TASK TO CARRY OUT:
Beginning with the line that has "N ((fst x +", reproduce each remaining line of the data exactly, down to and including the last.

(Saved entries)
(* Let $\|\cdot\|$ be a strictly convex norm on $\mathbb R^2$ that is $C^1$ on $\mathbb R^2\setminus\{0\}$. Given $\xi=\gamma(\theta_0)\in\partial\mathsf B$, define $\Phi^\xi:\partial\mathsf B\to\mathbb R^2$ by \[\Phi^\xi(z)=\mathbf 1_{z\cdot i\gamma(\theta_0)>0}\,\gamma'(\theta_0)=\mathbf 1_{z\cdot i\xi>0}\,i\,n_{\mathsf B}(\xi).\] Then there exists a uniformly bounded family $\{\Phi^\xi_\delta\}_{\delta>0}\subset\mathrm{ENT}$ such that $\Phi^\xi_\delta(z)\to\Phi^\xi(z)$ as $\delta\to0$ for every $z\in\partial\mathsf B$.
   Context: $\mathsf B=\{\|z\|<1\}$ normalized so that $\partial\mathsf B$ has length $2\pi$; $\gamma$ is the counterclockwise arc-length parametrization of $\partial\mathsf B$; $n_{\mathsf B}(\xi)$ is the outer unit normal to $\partial\mathsf B$ at $\xi$; $\mathbb R^2\cong\mathbb C$, $i$ is rotation by $\pi/2$. $\mathrm{ENT}=\{\Phi\in C^1(\partial\mathsf B;\mathbb R^2):\frac{d}{d\theta}\Phi(\gamma(\theta))=\lambda_\Phi(\theta)\gamma'(\theta)$ for some $\lambda_\Phi\in C^1(\mathbb R/2\pi\mathbb Z)\}$. *)

(* concrete reals R, with Coquelicot. R^2 is modelled as R*R,
   with i acting by (a,b) |-> (-b,a). *)
From Stdlib Require Import Reals.
From Coquelicot Require Import Coquelicot.
Open Scope R_scope.

Definition pt := (R * R)%type.

Definition dot (u v : pt) : R := fst u * fst v + snd u * snd v.
Definition rot (u : pt) : pt := (- snd u, fst u).

Definition is_norm (N : pt -> R) : Prop :=
  (forall x, N x = 0 -> x = (0, 0)) /\
  (forall a x, N (a * fst x, a * snd x) = Rabs a * N x) /\
  (forall x y, N (fst x + fst y, snd x + snd y) <= N x + N y).

Definition strictly_convex (N : pt -> R) : Prop :=
  forall x y, N x = 1 -> N y = 1 -> x <> y ->
    N ((fst x + fst y) / 2, (snd x + snd y) / 2) < 1.

Definition C1_away_from_0 (N : pt -> R) : Prop :=
  exists g1 g2 : R -> R -> R,
    forall x y, (x, y) <> (0, 0) ->
      differentiable_pt_lim (fun a b => N (a, b)) x y (g1 x y) (g2 x y) /\
      continuity_2d_pt g1 x y /\ continuity_2d_pt g2 x y.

SOLUTION:
    N ((fst x + fst y) / 2, (snd x + snd y) / 2) < 1.

Definition C1_away_from_0 (N : pt -> R) : Prop :=
  exists g1 g2 : R -> R -> R,
    forall x y, (x, y) <> (0, 0) ->
      differentiable_pt_lim (fun a b => N (a, b)) x y (g1 x y) (g2 x y) /\
      continuity_2d_pt g1 x y /\ continuity_2d_pt g2 x y.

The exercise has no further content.